Every line in the listing below from the one with "(forall u, #|x" through the one with "(\sum_(i < N) ys i)%N = C ->" is to be reproduced exactly, both ends included; leave out the rest.
(Data extract)
(* No deterministic online scheduler for the serial-parallel scheduling problem on $p$ processors has awake-time competitive ratio smaller than $\phi-1/p$, where $\phi=(1+\sqrt5)/2$ is the golden ratio: for every such scheduler there is a task arrival process on which its awake time is at least $(\phi-1/p)$ times the optimal offline awake time.
   Context: Serial-parallel scheduling problem: $p$ identical processors. A task arrival process is a finite set of tasks $\tau_i=(\sigma_i,\pi_i,t_i)$ with arrival time $t_i\ge0$, serial work $\sigma_i$ and parallel work $\pi_i$, $1\le\pi_i/\sigma_i\le p$. A task is performed either by its serial job (work $\sigma_i$, at most one processor at any instant) or by its parallel job (work $\pi_i$, any number of processors, rate equal to number of processors); time is continuous, allocations may be fractional via time sharing, preemption is allowed, and the choice of implementation is irrevocable once the task is started (the scheduler may delay starting a task). A task is alive from arrival until completion; awake time is the measure of the set of times at which some task is alive. An online scheduler learns about a task only at its arrival; the optimal offline schedule knows everything in advance. *)

From HB Require Import structures.
From mathcomp Require Import all_boot all_order all_algebra.
From mathcomp Require Import all_classical all_reals all_analysis.
Set Implicit Arguments. Unset Strict Implicit. Unset Printing Implicit Defensive.
Import Order.TTheory GRing.Theory Num.Theory.
Local Open Scope classical_set_scope.
Local Open Scope ring_scope.

Section Sched.
Variable R : realType.

(* A task tau = (sigma, pi, t, id): serial work, parallel work, arrival
   time, and an identifier (so that identical tasks can occur several times
   in an arrival process). *)
Definition task := (R * R * R * nat)%type.
Definition sigma (x : task) : R := x.1.1.1.
Definition pwork (x : task) : R := x.1.1.2.
Definition arr (x : task) : R := x.1.2.

Definition valid_task (p : nat) (x : task) : Prop :=
  0 <= arr x /\ 0 < sigma x /\ 1 <= pwork x / sigma x <= p%:R.
Definition valid_instance (p : nat) (s : seq task) : Prop :=
  uniq s /\ (forall x, x \in s -> valid_task p x).
(* Consider the joint caching and recommendation problem $$\max_{\mathbf X,\mathbf Y}\ \sum_{u=1}^{U}\sum_{i=1}^{N} y_i\Big[w_u^{\mathrm{rec}}\frac{x_{ui}}{R}+(1-w_u^{\mathrm{rec}})\,p_u^{\mathrm{pref}}(i)\Big]$$ subject to $\sum_i y_i\le C$, $\sum_i x_{ui}\le R$ for all $u$, and $x_{ui},y_i\in\{0,1\}$ for all $u,i$, where $1\le R\le C\le N$. Then the maximum is attained by caching a set $\mathbf Y^*$ of $C$ contents maximizing $\sum_i y_i\,\hat p_i$ (i.e. $C$ contents with largest $\hat p_i$) and, for each user $u$, recommending any $R$ contents among the cached ones ($x_{ui}=1$ only if $y_i=1$). In particular, the optimal caching decision is $$\mathbf Y^*\in\operatorname{argmax}_{\mathbf Y:\ \sum_i y_i\le C}\ \sum_i y_i\sum_u(1-w_u^{\mathrm{rec}})p_u^{\mathrm{pref}}(i).$$
   Context: There are $N$ contents $\mathcal N=\{1,\dots,N\}$ and $U$ users $\mathcal U=\{1,\dots,U\}$. A base station has a cache of capacity $C$ contents and recommends at most $R\le C$ contents to each user. $y_i\in\{0,1\}$ indicates whether content $i$ is cached; $x_{ui}\in\{0,1\}$ indicates whether content $i$ is recommended to user $u$. For each user $u$, $p_u^{\mathrm{pref}}(\cdot)$ is a probability distribution on $\mathcal N$ (the request distribution without recommendations), and $w_u^{\mathrm{rec}}\in[0,1]$ is the probability that user $u$ accepts recommendations. The request probability of user $u$ for content $i$ is $p_u^{\mathrm{req}}(i)=w_u^{\mathrm{rec}}\,x_{ui}/R+(1-w_u^{\mathrm{rec}})p_u^{\mathrm{pref}}(i)$ (users choose uniformly among recommended contents). Define $\hat p_i:=\sum_u(1-w_u^{\mathrm{rec}})p_u^{\mathrm{pref}}(i)$. *)

From mathcomp Require Import all_boot all_order all_algebra.
Set Implicit Arguments. Unset Strict Implicit. Unset Printing Implicit Defensive.
Import Order.TTheory GRing.Theory Num.Theory.
Local Open Scope ring_scope.

(* A caching decision is y : 'I_N -> bool
   (y i = true iff content i is cached); a recommendation decision is
   x : 'I_U -> 'I_N -> bool (x u i = true iff i is recommended to u). *)

Definition objective {K : realFieldType} (N U Rr : nat)
  (w : 'I_U -> K) (pref : 'I_U -> 'I_N -> K)
  (x : 'I_U -> 'I_N -> bool) (y : 'I_N -> bool) : K :=
  \sum_(u < U) \sum_(i < N)
     (y i)%:R * (w u * (x u i)%:R / Rr%:R + (1 - w u) * pref u i).

Definition feasible (N U Rr C : nat)
  (x : 'I_U -> 'I_N -> bool) (y : 'I_N -> bool) : Prop :=
  ((\sum_(i < N) y i)%N <= C)%N /\ forall u : 'I_U, ((\sum_(i < N) x u i)%N <= Rr)%N.

Definition phat {K : realFieldType} (N U : nat)
  (w : 'I_U -> K) (pref : 'I_U -> 'I_N -> K) (i : 'I_N) : K :=
  \sum_(u < U) (1 - w u) * pref u i.

Definition cache_value {K : realFieldType} (N U : nat)
  (w : 'I_U -> K) (pref : 'I_U -> 'I_N -> K) (y : 'I_N -> bool) : K :=
  \sum_(i < N) (y i)%:R * phat w pref i.

(* Splitting each user's request probability, the objective is the recommendation
   term sum_u (w_u / R) #{cached contents recommended to u} plus the caching term
   sum_i y_i \hat p_i.  The first is at most sum_u w_u, with equality as soon as
   every user is recommended R cached contents, which is possible whenever R <= C
   contents are cached; the second depends only on the cache and is monotone in it
   since \hat p >= 0.  Hence the two terms can be maximized independently, and an
   optimal cache maximizes the caching term. *)
From mathcomp Require Import all_boot all_order all_algebra.
From mathcomp Require Import zify.
Set Implicit Arguments. Unset Strict Implicit. Unset Printing Implicit Defensive.
Import Order.TTheory GRing.Theory Num.Theory.
Local Open Scope ring_scope.

Lemma sum_bool_card (T : finType) (y : T -> bool) : (\sum_i y i)%N = #|y|.
Proof.
rewrite -sum1_card [RHS]big_mkcond.
by apply: eq_bigr => i _; rewrite unfold_in; case: (y i).
Qed.

Lemma exists_set_card_between (T : finType) (A B : {set T}) k :
  A \subset B -> (#|A| <= k <= #|B|)%N ->
  exists C : {set T}, [/\ A \subset C, C \subset B & #|C| = k].
Proof.
move=> sAB /andP[leAk lekB].
have : (k - #|A| <= #|B :\: A|)%N by rewrite cardsD (setIidPr sAB) leq_sub2r.
case/card_geqP=> s [uniq_s size_s sBA].
have AIs : A :&: [set x in s] = set0.
  by apply/setP=> x; rewrite !inE; apply/negbTE/andP=> -[xA /sBA]; rewrite inE xA.
exists (A :|: [set x in s]); split.
- exact: subsetUl.
- rewrite subUset sAB; apply/subsetP=> x; rewrite inE => /sBA.
  by rewrite inE => /andP[].
- rewrite cardsU AIs cards0 subn0 cardsE (card_uniqP uniq_s); lia.
Qed.

Lemma exists_pred_card_between (T : finType) (y z : T -> bool) k :
  subpred y z -> (#|y| <= k <= #|z|)%N ->
  exists y' : T -> bool, [/\ subpred y y', subpred y' z & #|y'| = k].
Proof.
move=> yz; rewrite -[#|y|]cardsE -[#|z|]cardsE.
case/(@exists_set_card_between _ [set i | y i] [set i | z i] k).
  by apply/subsetP=> i; rewrite !inE; apply: yz.
move=> C [sAC sCB cardC]; exists (mem C); split=> // i.
- by move=> yi; apply: (subsetP sAC); rewrite inE.
- by move/(subsetP sCB); rewrite inE.
Qed.

Section JointCachingRecommendation.

Variables (K : realFieldType) (N U Rr : nat).
Variables (w : 'I_U -> K) (pref : 'I_U -> 'I_N -> K).
Hypothesis Rr_gt0 : (0 < Rr)%N.
Hypothesis w_01 : forall u, 0 <= w u <= 1.
Hypothesis pref_ge0 : forall u i, 0 <= pref u i.

Definition recommendation_value (x : 'I_U -> 'I_N -> bool) (y : 'I_N -> bool) : K :=
  \sum_(u < U) w u / Rr%:R * #|[pred i | y i && x u i]|%:R.

Lemma objectiveE x y :
  objective Rr w pref x y = recommendation_value x y + cache_value w pref y.
Proof.
rewrite /objective /recommendation_value /cache_value /phat.
under eq_bigr => u _ do rewrite (eq_bigr _ (fun i _ => mulrDr _ _ _)) big_split /=.
rewrite big_split /=; congr (_ + _).
  apply: eq_bigr => u _; rewrite -sum_bool_card natr_sum mulr_sumr.
  apply: eq_bigr => i _.
  by rewrite /=; case: (y i); case: (x u i); rewrite /= ?(mul0r, mul1r, mulr0, mulr1).
rewrite exchange_big /=; apply: eq_bigr => i _; rewrite mulr_sumr.
by apply: eq_bigr => u _; rewrite mulrA.
Qed.

Lemma recommendation_value_le x y :
  (forall u, (#|x u| <= Rr)%N) -> recommendation_value x y <= \sum_(u < U) w u.
Proof.
move=> x_le; apply: ler_sum => u _.
have /andP[w_ge0 _] := w_01 u.
rewrite mulrAC ler_pdivrMr ?ltr0n // ler_wpM2l // ler_nat.
by apply: leq_trans (x_le u); apply: subset_leq_card; apply/subsetP=> i /andP[].
Qed.

Lemma recommendation_value_cached x y :
  (forall u, #|x u| = Rr) -> (forall u, subpred (x u) y) ->
  recommendation_value x y = \sum_(u < U) w u.
Proof.
move=> x_card xy; apply: eq_bigr => u _.
have -> : #|[pred i | y i && x u i]| = Rr.
  rewrite -(x_card u); apply: eq_card => i; rewrite !inE.
  by case xi: (x u i); rewrite ?andbF ?(xy _ _ xi).
by rewrite mulrAC mulfK // pnatr_eq0 -lt0n.
Qed.

Lemma phat_ge0 i : 0 <= phat w pref i.
Proof.
apply: sumr_ge0 => u _; apply: mulr_ge0 => //.
by have /andP[_ w_le1] := w_01 u; rewrite subr_ge0.
Qed.

Lemma cache_value_mono (y y' : 'I_N -> bool) :
  subpred y y' -> cache_value w pref y <= cache_value w pref y'.
Proof.
move=> yy'; apply: ler_sum => i _.
case yi: (y i); first by rewrite (yy' _ yi).
by rewrite mul0r mulr_ge0 ?phat_ge0.
Qed.

End JointCachingRecommendation.

Theorem mainTheorem1 (K : realFieldType) (N U Rr C : nat)
  (w : 'I_U -> K) (pref : 'I_U -> 'I_N -> K)
  (hRpos : (1 <= Rr)%N) (hRC : (Rr <= C)%N) (hCN : (C <= N)%N)
  (hw : forall u, 0 <= w u <= 1)
  (hpref0 : forall u i, 0 <= pref u i)
  (hpref1 : forall u, \sum_(i < N) pref u i = 1) :
  (forall (xs : 'I_U -> 'I_N -> bool) (ys : 'I_N -> bool),
     (\sum_(i < N) ys i)%N = C ->
     (forall y : 'I_N -> bool, (\sum_(i < N) y i)%N = C ->
        cache_value w pref y <= cache_value w pref ys) ->
     (forall u, (\sum_(i < N) xs u i)%N = Rr) ->
     (forall u i, xs u i -> ys i) ->
     forall x y, feasible Rr C x y ->
       objective Rr w pref x y <= objective Rr w pref xs ys)
  /\
  (forall (xo : 'I_U -> 'I_N -> bool) (yo : 'I_N -> bool),
     feasible Rr C xo yo ->
     (forall x y, feasible Rr C x y ->
        objective Rr w pref x y <= objective Rr w pref xo yo) ->
     forall y : 'I_N -> bool, ((\sum_(i < N) y i)%N <= C)%N ->
       cache_value w pref y <= cache_value w pref yo).
Proof.
have card_sum (y : 'I_N -> bool) : (\sum_(i < N) y i)%N = #|y| := sum_bool_card y.
have fill_cache (y : 'I_N -> bool) : (#|y| <= C)%N ->
    exists y' : 'I_N -> bool, [/\ subpred y y', subpred y' predT & #|y'| = C].
  by move=> y_le; apply: exists_pred_card_between; rewrite // y_le card_ord.
split.
  move=> xs ys ys_card ys_max xs_card xs_ys x y [y_le x_le].
  have rec_xs : recommendation_value Rr w xs ys = \sum_(u < U) w u.
    by apply: recommendation_value_cached => // u; rewrite -card_sum.
  have rec_x : recommendation_value Rr w x y <= \sum_(u < U) w u.
    by apply: recommendation_value_le => // u; rewrite -card_sum.
  rewrite !objectiveE rec_xs lerD //.
  rewrite card_sum in y_le; have [y' [yy' _ y'_card]] := fill_cache y y_le.
  by apply: le_trans (cache_value_mono hw hpref0 yy') (ys_max _ _); rewrite card_sum.
move=> xo yo [_ xo_le] yo_opt y; rewrite card_sum => /fill_cache[y' [yy' _ y'_card]].
have [z [_ zy' z_card]] :
    exists z : 'I_N -> bool, [/\ subpred pred0 z, subpred z y' & #|z| = Rr].
  by apply: exists_pred_card_between; rewrite // card0 y'_card.
have rec_z : recommendation_value Rr w (fun=> z) y' = \sum_(u < U) w u.
  exact: recommendation_value_cached.
have rec_xo : recommendation_value Rr w xo yo <= \sum_(u < U) w u.
  by apply: recommendation_value_le => // u; rewrite -card_sum.
have opt : objective Rr w pref (fun=> z) y' <= objective Rr w pref xo yo.
  by apply: yo_opt; split=> [|u]; rewrite card_sum ?y'_card ?z_card.
rewrite !objectiveE rec_z in opt.
apply: le_trans (cache_value_mono hw hpref0 yy') _.
by rewrite -(lerD2l (\sum_(u < U) w u)) (le_trans opt) // lerD2r.
Qed.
(End Data extract)
**Problem solution:**
  (forall u, #|x u| = Rr) -> (forall u, subpred (x u) y) ->
  recommendation_value x y = \sum_(u < U) w u.
Proof.
move=> x_card xy; apply: eq_bigr => u _.
have -> : #|[pred i | y i && x u i]| = Rr.
  rewrite -(x_card u); apply: eq_card => i; rewrite !inE.
  by case xi: (x u i); rewrite ?andbF ?(xy _ _ xi).
by rewrite mulrAC mulfK // pnatr_eq0 -lt0n.
Qed.

Lemma phat_ge0 i : 0 <= phat w pref i.
Proof.
apply: sumr_ge0 => u _; apply: mulr_ge0 => //.
by have /andP[_ w_le1] := w_01 u; rewrite subr_ge0.
Qed.

Lemma cache_value_mono (y y' : 'I_N -> bool) :
  subpred y y' -> cache_value w pref y <= cache_value w pref y'.
Proof.
move=> yy'; apply: ler_sum => i _.
case yi: (y i); first by rewrite (yy' _ yi).
by rewrite mul0r mulr_ge0 ?phat_ge0.
Qed.

End JointCachingRecommendation.

Theorem mainTheorem1 (K : realFieldType) (N U Rr C : nat)
  (w : 'I_U -> K) (pref : 'I_U -> 'I_N -> K)
  (hRpos : (1 <= Rr)%N) (hRC : (Rr <= C)%N) (hCN : (C <= N)%N)
  (hw : forall u, 0 <= w u <= 1)
  (hpref0 : forall u i, 0 <= pref u i)
  (hpref1 : forall u, \sum_(i < N) pref u i = 1) :
  (forall (xs : 'I_U -> 'I_N -> bool) (ys : 'I_N -> bool),
     (\sum_(i < N) ys i)%N = C ->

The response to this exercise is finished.